Always appreciate your helpful advice.

Thanks


----------



## darkoman (Jul 21, 2015)

Please could you red the paragraphs written below and provide your feedback. Thanks

My wife and I share many interests together including movies, music, food and I am particularly struck by her sense of humour, honesty and commitment. We enjoy cinema, eating out, shopping, visiting family and friends and love to entertain and socialise together. Every Friday is the family night where we stay up till late with our children, watching movies, playing various family games till late night. Being of the similar religious background we jointly celebrate all the events together with our 3 children and we have built a very strong bond between us as family. Our children share many mutual friends within our neighborhood and circle of friends. 
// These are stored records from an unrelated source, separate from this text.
Let c_neq0 : c <> 0.
Proof.
  intros Hc. apply N21, (eq_of_on_ellipse_tangent a b Ha Hb); auto.
  pose proof side12 as S.
  rewrite Hc, Rmult_0_l, dot_psub_r, ellipse_normal_dot_self in S by auto.
  rewrite (ellipse_normal_dot_sym a b Ha Hb P2 P1). lra.
Qed.

Let c_sqr_pos : 0 < c * c.
Proof. exact (Rsqr_pos_lt _ c_neq0). Qed.

Let c_sqr_quadratic :
  (a ^ 2 - b ^ 2) ^ 2 * (c * c) ^ 2 + 2 * (a ^ 2 + b ^ 2) * (c * c) - 3 = 0.
Proof.
  set (u := c * c) in *.
  pose proof (on_ellipse_normalize a b Ha Hb P1 O1) as U1.
  pose proof (on_ellipse_normalize a b Ha Hb P2 O2) as U2.
  pose proof (on_ellipse_normalize a b Ha Hb P3 O3) as U3.
  pose proof (chord_normal_stretch a b Ha Hb u P1 P2 O1 O2 (not_eq_sym N21)
                (sqr_of_eq_mul_dist _ _ _ _ side12)) as S12.
  pose proof (chord_normal_stretch a b Ha Hb u P1 P3 O1 O3 (not_eq_sym N31)
                (sqr_of_eq_mul_dist _ _ _ _ side13)) as S13.
  pose proof (chord_normal_stretch a b Ha Hb u P2 P3 O2 O3 (not_eq_sym N32)
                (sqr_of_eq_mul_dist _ _ _ _ side23)) as S23.
  pose proof (stretch_three_points _ _ _ _ _ U1 U2 U3
                (normalize_neq a b Ha Hb _ _ (not_eq_sym N32)) S12 S13 S23) as H.
  pose proof (stretch_self_gt a b u _ Ha Hb c_sqr_pos U1).
  apply Rmult_integral in H as [H | H]; [| lra].
  transitivity (- (1 - u * (a ^ 2 - b ^ 2) * (u * (a ^ 2 - b ^ 2))
                   + 2 * (1 - u * (a ^ 2 + b ^ 2))));
    [ring | rewrite H; ring].
Qed.

Lemma orbit_chord_ratio :
  dot (psub P2 P1) (psub P2 P1)
  = cosine_radius_sq a b * (dot (ellipse_normal a b P1) (psub P2 P1)
                            * dot (ellipse_normal a b P1) (psub P2 P1)).
Proof.
  rewrite (sqr_of_eq_mul_dist _ _ _ _ side12).
  pose proof (cosine_radius_sq_inv a b Hb _ c_sqr_pos c_sqr_quadratic) as Hinv.
  transitivity ((c * c * cosine_radius_sq a b) * dot (psub P2 P1) (psub P2 P1));
    [rewrite Hinv |]; ring.
Qed.

End OrbitChords.

Section ExcentralTriangle.

Variables a b : R.
Hypotheses (Ha : 0 < a) (Hb : 0 < b).
Variables P1 P2 P3 : pt.
Hypothesis orbit : is_3_periodic a b P1 P2 P3.

Let orbit2 : is_3_periodic a b P2 P3 P1. Proof. apply is_3_periodic_rot, orbit. Qed.
Let orbit3 : is_3_periodic a b P3 P1 P2. Proof. apply is_3_periodic_rot, orbit2. Qed.

Let O1 : on_ellipse a b P1. Proof. apply orbit. Qed.
Let O2 : on_ellipse a b P2. Proof. apply orbit. Qed.
Let O3 : on_ellipse a b P3. Proof. apply orbit. Qed.
Let N12 : P1 <> P2. Proof. apply not_eq_sym, (nondegenerate_neq21 _ _ _ (proj1 orbit)). Qed.
Let N23 : P2 <> P3. Proof. apply not_eq_sym, (nondegenerate_neq21 _ _ _ (proj1 orbit2)). Qed.
Let N31 : P3 <> P1. Proof. apply not_eq_sym, (nondegenerate_neq21 _ _ _ (proj1 orbit3)). Qed.

Local Notation E1 := (excenter P1 P2 P3).
Local Notation E2 := (excenter P2 P3 P1).
Local Notation E3 := (excenter P3 P1 P2).
Local Notation n1 := (ellipse_normal a b P1).
Local Notation n2 := (ellipse_normal a b P2).
Local Notation n3 := (ellipse_normal a b P3).

Let T21 : dot n2 E1 = 1. Proof. exact (orbit_excenter_tangent2 _ _ _ _ _ Ha Hb orbit). Qed.
Let T31 : dot n3 E1 = 1. Proof. exact (orbit_excenter_tangent3 _ _ _ _ _ Ha Hb orbit). Qed.
Let T32 : dot n3 E2 = 1. Proof. exact (orbit_excenter_tangent2 _ _ _ _ _ Ha Hb orbit2). Qed.
Let T12 : dot n1 E2 = 1. Proof. exact (orbit_excenter_tangent3 _ _ _ _ _ Ha Hb orbit2). Qed.
Let T13 : dot n1 E3 = 1. Proof. exact (orbit_excenter_tangent2 _ _ _ _ _ Ha Hb orbit3). Qed.
Let T23 : dot n2 E3 = 1. Proof. exact (orbit_excenter_tangent3 _ _ _ _ _ Ha Hb orbit3). Qed.
Let C1 : cross n1 (psub E1 P1) = 0. Proof. exact (orbit_excenter_normal _ _ _ _ _ orbit). Qed.
Let C2 : cross n2 (psub E2 P2) = 0. Proof. exact (orbit_excenter_normal _ _ _ _ _ orbit2). Qed.
Let C3 : cross n3 (psub E3 P3) = 0. Proof. exact (orbit_excenter_normal _ _ _ _ _ orbit3). Qed.

Let NE12 : E1 <> E2.
Proof.
  intros H. apply N12, (eq_of_tangent_normal a b Ha Hb _ _ E1); auto. rewrite H. exact T12.
Qed.
Let NE23 : E2 <> E3.
Proof.
  intros H. apply N23, (eq_of_tangent_normal a b Ha Hb _ _ E2); auto. rewrite H. exact T23.
Qed.
Let NE31 : E3 <> E1.
Proof.
  intros H. apply N31, (eq_of_tangent_normal a b Ha Hb _ _ E3); auto. rewrite H. exact T31.
Qed.

Lemma excentral_orthic :
  foot E1 E2 E3 = P1 /\ foot E2 E3 E1 = P2 /\ foot E3 E1 E2 = P3.
Proof.
  repeat split; [apply (foot_eq_of_tangent n1) | apply (foot_eq_of_tangent n2)
                | apply (foot_eq_of_tangent n3)];
    auto using ellipse_normal_nonzero, ellipse_normal_dot_self.
Qed.

Lemma excentral_symmedian : symmedian E1 E2 E3 = (0, 0).
Proof.
  destruct excentral_orthic as (F1 & F2 & F3).
  assert (K1 : cross (symmedian E1 E2 E3) E1 = 0).
  { apply (cross_eq0_of_line_through_origin _ _ (psub (padd P2 P3) (pscale 2 E1))).
    - apply (midpoint_neq_pole a b Ha Hb); auto.
    - pose proof (symmedian_bisects_feet_chord E1 E2 E3) as S. rewrite F2, F3 in S. auto.
    - apply cross_psub_pscale_self, (pole_midpoint_collinear a b Ha Hb); auto. }
  assert (K2 : cross (symmedian E1 E2 E3) E2 = 0).
  { rewrite <- symmedian_rot.
    apply (cross_eq0_of_line_through_origin _ _ (psub (padd P3 P1) (pscale 2 E2))).
    - apply (midpoint_neq_pole a b Ha Hb); auto.
    - pose proof (symmedian_bisects_feet_chord E2 E3 E1) as S. rewrite F3, F1 in S. auto.
    - apply cross_psub_pscale_self, (pole_midpoint_collinear a b Ha Hb); auto. }
  apply (origin_of_cross_eq0 _ E1 E2 K1 K2).
  intros H. apply NE12, (eq_of_dot_eq1_cross n3); auto.
Qed.

Lemma excentral_cosine_circle :
  is_cosine_circle E1 E2 E3 (0, 0) (sqrt (cosine_radius_sq a b)).
Proof.
  pose proof (cosine_radius_sq_pos a b Hb) as HR.
  pose proof (orbit_chord_ratio a b Ha Hb _ _ _ orbit) as R12.
  pose proof (orbit_chord_ratio a b Ha Hb _ _ _ orbit2) as R23.
  pose proof (orbit_chord_ratio a b Ha Hb _ _ _ orbit3) as R31.
  destruct excentral_orthic as (F1 & F2 & F3).
  unfold is_cosine_circle; cbv zeta. rewrite F1, F2, F3, excentral_symmedian.
  refine (conj eq_refl (conj _ (conj _ (conj _ (conj _ (conj _ _))))));
    [apply (meets_on_circle_origin n3) | apply (meets_on_circle_origin n2)
     | apply (meets_on_circle_origin n1) | apply (meets_on_circle_origin n3)
     | apply (meets_on_circle_origin n2) | apply (meets_on_circle_origin n1)];
    auto using chord_ratio_swap.
Qed.

End ExcentralTriangle.

Theorem theorem4 (a b : R) (hb : 0 < b) (hab : b < a) :
  exists r : R, a < r /\
    forall P1 P2 P3 : pt, is_3_periodic a b P1 P2 P3 ->
      is_cosine_circle (excenter P1 P2 P3) (excenter P2 P3 P1) (excenter P3 P1 P2)
        (0, 0) r.
Proof.
  assert (ha : 0 < a) by lra.
  exists (sqrt (cosine_radius_sq a b)). split.
  - rewrite <- (sqrt_pow2 a) at 1 by lra.
    apply sqrt_lt_1_alt. split; [apply pow2_ge_0 | apply cosine_radius_sq_gt, hb].
  - intros P1 P2 P3 orbit. exact (excentral_cosine_circle a b ha hb P1 P2 P3 orbit).
Qed.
My wife and I have a very similar philosophy on life and we have the same views on the importance of family and being kind to people. To have my wife and her son back with us in the UK would provide us with the opportunity to live as a loving family.

If this application is successful, we look forward to making United Kingdom our home as living in the United Kingdom will give us the opportunity to enjoy culturally diversity, liberal values, social cohesion, multi faith relations which provides families like ours with the great sense of belonging. Our plans for the future include having a child together and being able to live like a strong family unit once again.

Yours sincerely,


----------



## Joppa (Sep 7, 2009)

Yes, getting there. Still too wordy but acceptable.


----------



## darkoman (Jul 21, 2015)

Thanks Joppa,

I will try to revise it again in few days as I am sure I can do better.


----------